The same issue occurs with the equivalent C++ code.

bool buffer[] = {true, true, true, false};
float* out = edt::edt(buffer, 2, 2, 0.5, 0.5); 

Discussion

When debugging I noticed situations in squared_edt_1d_parabolic where the variable k becomes negative and memory outside various buffers is accessed.

With the above data set, the routine attempts to calculate the intercept of two parabolas using this equation (grabbed from the README).

Let w2 = w * w
Let factor1 = (r - q) * w2
Let factor2 = r + q

Let s = (f(r) - f(q) + factor1 * factor2) / (2 * factor1);

The parameters are w=0.5, r=1, q=0, f(r)=0.25 and f(q)=INFINITY. This gives s at -6.80e38 but this exceeds the limit of a float so s ends up set to -INFINITY.

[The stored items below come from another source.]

Lemma sum_pairs_ffadd m (F : {ffun 'I_n -> nat} -> {ffun 'I_n -> nat} -> k) :
  \sum_(p : {ffun 'I_n -> 'I_m.+1} * {ffun 'I_n -> 'I_m.+1} |
          (mdeg (ffadd (ffval p.1) (ffval p.2)) <= m)%N) F (ffval p.1) (ffval p.2) =
  \sum_(ga : {ffun 'I_n -> 'I_m.+1} | (mdeg (ffval ga) <= m)%N)
    \sum_(al : {ffun 'I_n -> 'I_m.+1} | [forall j, ffval al j <= ffval ga j]%N)
      F (ffval al) (ffsub (ffval ga) (ffval al)).
Proof.
rewrite pair_big_dep /= [RHS](reindex (fun p => (ffaddo p.1 p.2, p.1))) /=; last first.
  exists (fun q => (q.2, ffsubo q.1 q.2)).
    move=> [al be]; rewrite inE /= => /andP[_ /forallP le_al].
    have /ffunP eq_sum := ffval_ffaddo_le le_al.
    congr pair; apply/ffunP => j; apply: val_inj; have := eq_sum j.
    by rewrite /ffsubo /ffaddo !ffunE /= => ->; rewrite addKn inord_val.
  move=> [ga al]; rewrite inE /= => /andP[_ /forallP le_al].
  congr pair; apply/ffunP => j; rewrite /ffaddo /ffsubo !ffunE /=.
  have := le_al j; rewrite !ffunE => le_j.
  rewrite inordK ?subnKC ?inord_val //.
  exact: leq_ltn_trans (leq_subr _ _) (ltn_ord _).
apply: eq_big => [[al be]|[al be] le_m] /=.
  apply/idP/andP => [le_m|[le_m /forallP le_al]]; last by rewrite -(ffval_ffaddo_le le_al).
  by rewrite ffval_ffaddo // le_m; split=> //; apply/forallP => j; rewrite !ffunE leq_addr.
by rewrite ffval_ffaddo // ffsub_ffadd.
Qed.

Definition psconv (c d : {ffun 'I_n -> nat} -> k) (ga : {ffun 'I_n -> nat}) : k :=
  \sum_(al : {ffun 'I_n -> 'I_(mdeg ga).+1} | [forall j, ffval al j <= ga j]%N)
     c (ffval al) * d (ffsub ga (ffval al)).

Lemma pssubstM c d : pssubst x c * pssubst x d = pssubst x (psconv c d).
Proof.
apply: funext => m; pose trunc c := \sum_(al : {ffun 'I_n -> 'I_m.+1} |
  (mdeg (ffval al) <= m)%N) psC (c (ffval al)) * psmon x (ffval al).
have -> : (pssubst x c * pssubst x d) m = (trunc c * trunc d) m.
  rewrite -!psmulE /psmul; apply: eq_bigr => j _.
  by rewrite !(@pssubst_truncE _ m) ?leq_subr // -ltnS.
rewrite mulr_suml pscoef_sum.
under eq_bigr do rewrite mulr_sumr pscoef_sum.
under eq_bigr do under eq_bigr do rewrite mulrACA -psCM -psmon_ffadd pscoefCM.
rewrite pair_big_dep /=.
rewrite (bigID (fun p => mdeg (ffadd (ffval p.1) (ffval p.2)) <= m)%N) /=.
rewrite [X in _ + X]big1 ?addr0; last first.
  by move=> p /andP[_]; rewrite -ltnNge => lt_m; rewrite psmon_zero_below ?mulr0.
rewrite (eq_bigl (fun p => mdeg (ffadd (ffval p.1) (ffval p.2)) <= m)%N); last first.
  move=> p; case: (leqP (mdeg (ffadd _ _)) m); rewrite ?andbF ?andbT // mdeg_ffadd => le_m.
  by apply/andP; split; apply: leq_trans le_m; rewrite ?leq_addr ?leq_addl.
rewrite (sum_pairs_ffadd m (fun al be => c al * d be * psmon x (ffadd al be) m)).
rewrite pssubstE; apply: eq_bigr => ga le_m.
rewrite (eq_bigr (fun al => c (ffval al) * d (ffsub (ffval ga) (ffval al)) * psmon x (ffval ga) m));
  last by move=> al /forallP le_al; rewrite ffadd_ffsub.
rewrite (@sum_ffval_shrink (mdeg (ffval ga)) m (fun al => [forall j, al j <= ffval ga j]%N)
  (fun al => c al * d (ffsub (ffval ga) al) * psmon x (ffval ga) m)) ?mulr_suml //.
by move=> al /forallP le_al j; apply: leq_trans (le_al j) _; apply: leq_mdeg.
Qed.

Lemma in_psalgM (f g : ps k) : in_psalg x f -> in_psalg x g -> in_psalg x (f * g).
Proof.
move=> [c fc] [d gd]; exists (psconv c d) => m.
by rewrite -pssubstM (funext fc) (funext gd).
Qed.

End Substitution.

Inductive polyin (k : fieldType) (x : nat -> ps k) (i : nat) : ps k -> Prop :=
  | polyinC c : polyin x i (psC c)
  | polyinX l : (l < i)%N -> polyin x i (x l)
  | polyinD f g : polyin x i f -> polyin x i g -> polyin x i (f + g)
  | polyinM f g : polyin x i f -> polyin x i g -> polyin x i (f * g).

Section PolyIn.
Variables (k : fieldType) (x : nat -> ps k).

Lemma polyin0 i : polyin x i 0.
Proof. exact: (polyinC x i 0). Qed.

Lemma polyin_sum i I (r : seq I) (P : pred I) (F : I -> ps k) :
  (forall j, P j -> polyin x i (F j)) -> polyin x i (\sum_(j <- r | P j) F j).
Proof. by move=> pF; apply: big_ind => //; [exact: polyin0 | exact: polyinD]. Qed.

Lemma polyinW i i' f : (i <= i')%N -> polyin x i f -> polyin x i' f.
Proof.
move=> le_ii'; elim=> [c|l lt_li|f1 g1 _ p1 _ p2|f1 g1 _ p1 _ p2].
- exact: polyinC.
- by apply: polyinX; apply: leq_trans le_ii'.
- exact: polyinD.
- exact: polyinM.
Qed.

Lemma eq_polyin (x' : nat -> ps k) i f :
  (forall l, (l < i)%N -> x l = x' l) -> polyin x i f -> polyin x' i f.
Proof.
move=> eq_x; elim=> [c|l lt_li|f1 g1 _ p1 _ p2|f1 g1 _ p1 _ p2].
- exact: polyinC.
- by rewrite eq_x //; apply: polyinX.
- exact: polyinD.
- exact: polyinM.
Qed.

Lemma polyin0_const f : polyin x 0 f -> exists c, f = psC c.
Proof.
elim=> [c|//|f1 g1 _ [c1 ->] _ [c2 ->]|f1 g1 _ [c1 ->] _ [c2 ->]].
- by exists c.
- by exists (c1 + c2); rewrite psCD.
- by exists (c1 * c2); rewrite psCM.
Qed.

When it reaches the while block

while (s <= ranges[k]) {
    k--;
    factor1 = (i - v[k]) * w2;
    factor2 =  i + v[k];
    s = (ff[i] - ff[v[k]] + factor1 * factor2) / (2.0 * factor1);
}

This condition is true for k=0 (because ranges[0] is initialised to -INFINITY). k then becomes -1 and the code ends up accessing values outside various buffers. A segmentation fault tends to follow at some point.

I believe that with anisotropic weights > sqrt(1/2), s will always be greater than -INFINITY and the under-run condition never occurs. My gut feeling is adding a guard on k (in two places) e.g.

while (k > 0 && s <= ranges[k]) {
    ...
}

Will fix the issue but I don't know the code well enough to be sure.

Workaround

Scale the anisotropic weights so they are at least one and divide the results by this scale. e.g.

import edt
import numpy as np
d = np.array([[True, True], [True, False]])
spacing = np.array([0.3, 0.5])
scale = 1.0 / spacing.min()
print(edt.edt(d, spacing * scale) / scale)
william-silversmith commented 3 years ago

Thank you so much for this detailed report! I'll be looking into fixing this shortly.

william-silversmith commented 3 years ago

I looked into this a bit more and it looks like what ends up happening is with the guard enabled, the ranges variable ends up looking like:

[ -inf, -inf, +inf ]

Since the render loop then looks for the parabola vertex just below +inf, this works out even if it's odd. This neatly resolves the problem I had handling infinities and finally makes this code more generalized. I was able to remove two additional scans over the array that converted to and from infinite and finite representations which leads to a small speedup.

Thanks for your help!

brianapps commented 3 years ago

Thanks a lot for doing this, I really appreciate your hard work putting this library together. I've checkout out your branch and run it over a much larger problem case -- it works and everything looks good to me. Pleased to hear this led to improvements elsewhere.

william-silversmith commented 3 years ago

For some reason, removing the tofinite/toinfinite passes didn't work so well on Windows. I don't have access to a copy to experiment so I added it back. I'll make a release in a bit.

william-silversmith commented 3 years ago

You can get the newest version 2.0.3. Thanks again for your detailed report!